Abstract Objective: To evaluate the efficacy of intraperitoneal subdiaphragmatic instillation of lidocaine and trocar site infiltration of bupivacaine to minimize postoperative pain after diagnostic microlaparoscopy performed under local anesthesia with conscious sedation. Design: Prospective randomized study. Setting: Day-surgery unit of Endogyn Service, Naples, and Department of Gynecologic and Pediatric Sciences, Reggio Calabria University, Catanzaro, Italy. Patient(s): Sixty-one women with infertility. Intervention(s): All patients received local anesthesia and conscious sedation before surgery. After the microlaparoscopy, the treatment group was given 40 mL of intraperitoneal subdiaphragmatic 0.5% lidocaine and 5 mL of 0.5% bupivacaine that was infiltrated into the trocar insertion sites. The control group received no treatment. When necessary, ketoprofene or ketorolac were administered IM after surgery. Main Outcome Measure(s): Postoperative pain was evaluated with the use of a visual analog scale with scores ranging from 1–10 immediately after surgery and over the next 48 hours. The rate at which patients were discharged from the hospital 2 hours after surgery also was recorded. Result(s): The treatment group had significantly lower pain scores both immediately after surgery and 1, 3, and 6 hours afterward. The need for postoperative analgesics also was significantly lower in the treatment group.
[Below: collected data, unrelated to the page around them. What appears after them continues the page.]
(* Let $q$ be a prime power and let $C\subseteq\mathbb{F}_q^n$ be an $[n,\ell,d]_q$ classical linear code such that $C^{*3}:=\mathrm{span}\{c_1*c_2*c_3: c_1,c_2,c_3\in C\}$ has distance $d'$ and $C^\perp$ has distance $d^\perp$. Then for every positive integer $k<\min\{\ell,d,d',d^\perp\}$, there exists an $[[n-k,\,k,\,\geq\min\{d,d^\perp\}-k]]_q$ quantum CSS code that supports a transversal $CCZ_q$ gate.
   Context: $x*y$ denotes the componentwise product in $\mathbb{F}_q^n$, $x\cdot y=\sum_ix_iy_i$, and $V^\perp$ is the dual w.r.t. this form. An $[n,\ell,d]_q$ classical code is an $\ell$-dimensional subspace of $\mathbb{F}_q^n$ with minimum Hamming weight of nonzero codewords $d$. A quantum CSS code $\mathrm{CSS}(Q_X,Q_Z)$ of length $n$ over $\mathbb{F}_q$ is a pair of subspaces $Q_X,Q_Z\subseteq\mathbb{F}_q^n$ with $Q_X^\perp\subseteq Q_Z$, of dimension $k=\dim Q_Z-\dim Q_X^\perp$ and distance $\min\{|y|:y\in(Q_X\setminus Q_Z^\perp)\cup(Q_Z\setminus Q_X^\perp)\}$ ($|y|$ Hamming weight); it is an $[[n,k,d]]_q$ code. A $Z$ encoding function is an $\mathbb{F}_q$-linear isomorphism $\mathrm{Enc}_Z:\mathbb{F}_q^k\to Q_Z/Q_X^\perp$. A code $Q$ with $Z$ encoding function supports a transversal $CCZ_q$ gate if there is a coefficients vector $b\in\mathbb{F}_q^n$ such that for all $z^{(1)},z^{(2)},z^{(3)}\in\mathbb{F}_q^k$ and all $z^{(h)\prime}\in\mathrm{Enc}_Z(z^{(h)})$, $\sum_{j\in[k]}z^{(1)}_jz^{(2)}_jz^{(3)}_j=\sum_{j\in[n]}b_jz^{(1)\prime}_jz^{(2)\prime}_jz^{(3)\prime}_j$. *)

From HB Require Import structures.
From mathcomp Require Import all_boot all_order all_algebra finalg.
Set Implicit Arguments. Unset Strict Implicit. Unset Printing Implicit Defensive.
Import GRing.Theory.
Local Open Scope ring_scope.

Definition cmul (F : finFieldType) (n : nat) (x y : 'rV[F]_n) : 'rV[F]_n :=
  \row_i (x 0 i * y 0 i).

Definition dot (F : finFieldType) (n : nat) (x y : 'rV[F]_n) : F :=
  \sum_(i < n) x 0 i * y 0 i.

Definition wt (F : finFieldType) (n : nat) (x : 'rV[F]_n) : nat :=
  #|[set i : 'I_n | x 0 i != 0]|.

(* V^perp w.r.t. dot: the span of the (already linear) set of all x orthogonal to V *)
Definition dualv (F : finFieldType) (n : nat) (V : {vspace 'rV[F]_n})
  : {vspace 'rV[F]_n} :=
  <<[seq x <- enum 'rV[F]_n | [forall y : 'rV[F]_n, (y \in V) ==> (dot x y == 0%R)]]>>%VS.

Definition cube_code (F : finFieldType) (n : nat) (C : {vspace 'rV[F]_n})
  : {vspace 'rV[F]_n} :=
  let S := [seq x <- enum 'rV[F]_n | x \in C] in
  <<flatten [seq [seq cmul (cmul a b) c | b <- S, c <- S] | a <- S]>>%VS.

Definition has_distance (F : finFieldType) (n : nat) (V : {vspace 'rV[F]_n})
  (d : nat) : Prop :=
  (exists2 x, x \in V & (x != 0) /\ wt x = d) /\
  (forall x, x \in V -> x != 0 -> (d <= wt x)%N).

Definition is_CSS (F : finFieldType) (n : nat) (QX QZ : {vspace 'rV[F]_n}) : Prop :=
  (dualv QX <= QZ)%VS.

Definition css_dim (F : finFieldType) (n : nat) (QX QZ : {vspace 'rV[F]_n}) : nat :=
  (\dim QZ - \dim (dualv QX))%N.

Definition css_dist_ge (F : finFieldType) (n : nat) (QX QZ : {vspace 'rV[F]_n})
  (m : nat) : Prop :=
  forall y : 'rV[F]_n,
    ((y \in QX) && (y \notin dualv QZ)) || ((y \in QZ) && (y \notin dualv QX)) ->
    (m <= wt y)%N.

(* A Z encoding function Enc_Z : F^k -> QZ / QX^perp (a linear isomorphism),
   represented by a linear lift f : F^k -> QZ: Enc_Z(z) is the coset
   f z + QX^perp.  The induced map to the quotient is an isomorphism iff
   it is injective and surjective. *)
Definition is_Z_encoding (F : finFieldType) (n k : nat)
  (QX QZ : {vspace 'rV[F]_n}) (f : 'Hom('rV[F]_k, 'rV[F]_n)) : Prop :=
  [/\ forall z, f z \in QZ,
      forall z, f z \in dualv QX -> z = 0
    & forall y, y \in QZ -> exists z, y - f z \in dualv QX].

Definition supports_CCZ (F : finFieldType) (n k : nat)
  (QX QZ : {vspace 'rV[F]_n}) (f : 'Hom('rV[F]_k, 'rV[F]_n)) : Prop :=
  exists b : 'rV[F]_n,
    forall (z1 z2 z3 : 'rV[F]_k) (z1' z2' z3' : 'rV[F]_n),
      z1' - f z1 \in dualv QX -> z2' - f z2 \in dualv QX ->
      z3' - f z3 \in dualv QX ->
      \sum_(j < k) z1 0 j * z2 0 j * z3 0 j =
      \sum_(j < n) b 0 j * z1' 0 j * z2' 0 j * z3' 0 j.

From HB Require Import structures.
From mathcomp Require Import all_boot all_order all_algebra finalg.
From mathcomp Require Import zify.
Set Implicit Arguments. Unset Strict Implicit. Unset Printing Implicit Defensive.
Import GRing.Theory.
Local Open Scope ring_scope.

(* Order the coordinates so that the first k are the ones removed.  Puncturing
   C on them gives QZ, and QX is the dual of the code obtained by shortening C
   on them.  Because k < d and k < d^perp, restriction to the last n - k
   coordinates is injective on C and restriction to the first k coordinates is
   onto F^k, so QZ / QX^perp is a copy of F^k and z is encoded by the tail of
   any codeword of C whose head is z.  Because k < d', some w in (C^{*3})^perp
   has head (-1, ..., -1); orthogonality of w to c1 * c2 * c3 then says that
   the cubic form on the heads equals the cubic form on the tails weighted by
   the tail of w, which is the transversal CCZ gate. *)

Section DotAndWeight.
Variable F : finFieldType.

Lemma dotC n (x y : 'rV[F]_n) : dot x y = dot y x.
Proof. by apply: eq_bigr => i _; rewrite mulrC. Qed.

Lemma dotDr n (x y z : 'rV[F]_n) : dot x (y + z) = dot x y + dot x z.
Proof. by rewrite /dot -big_split; apply: eq_bigr => i _; rewrite mxE mulrDr. Qed.

Lemma dotZr n a (x y : 'rV[F]_n) : dot x (a *: y) = a * dot x y.
Proof. by rewrite /dot mulr_sumr; apply: eq_bigr => i _; rewrite mxE mulrCA. Qed.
The rate at which patients were discharged 2 hours after surgery was significantly higher in the treatment group. Conclusion(s): Postoperative intraperitoneal lidocaine administration and bupivacaine infiltration of the trocar sites is beneficial for patients undergoing microlaparoscopy. The effect of these drugs is temporary, but they can significantly decrease postoperative pain for approximately 6 hours and reduce the need for additional analgesics. Most important, the rate at which patients can be discharged from the hospital only 2 hours after surgery is increased significantly.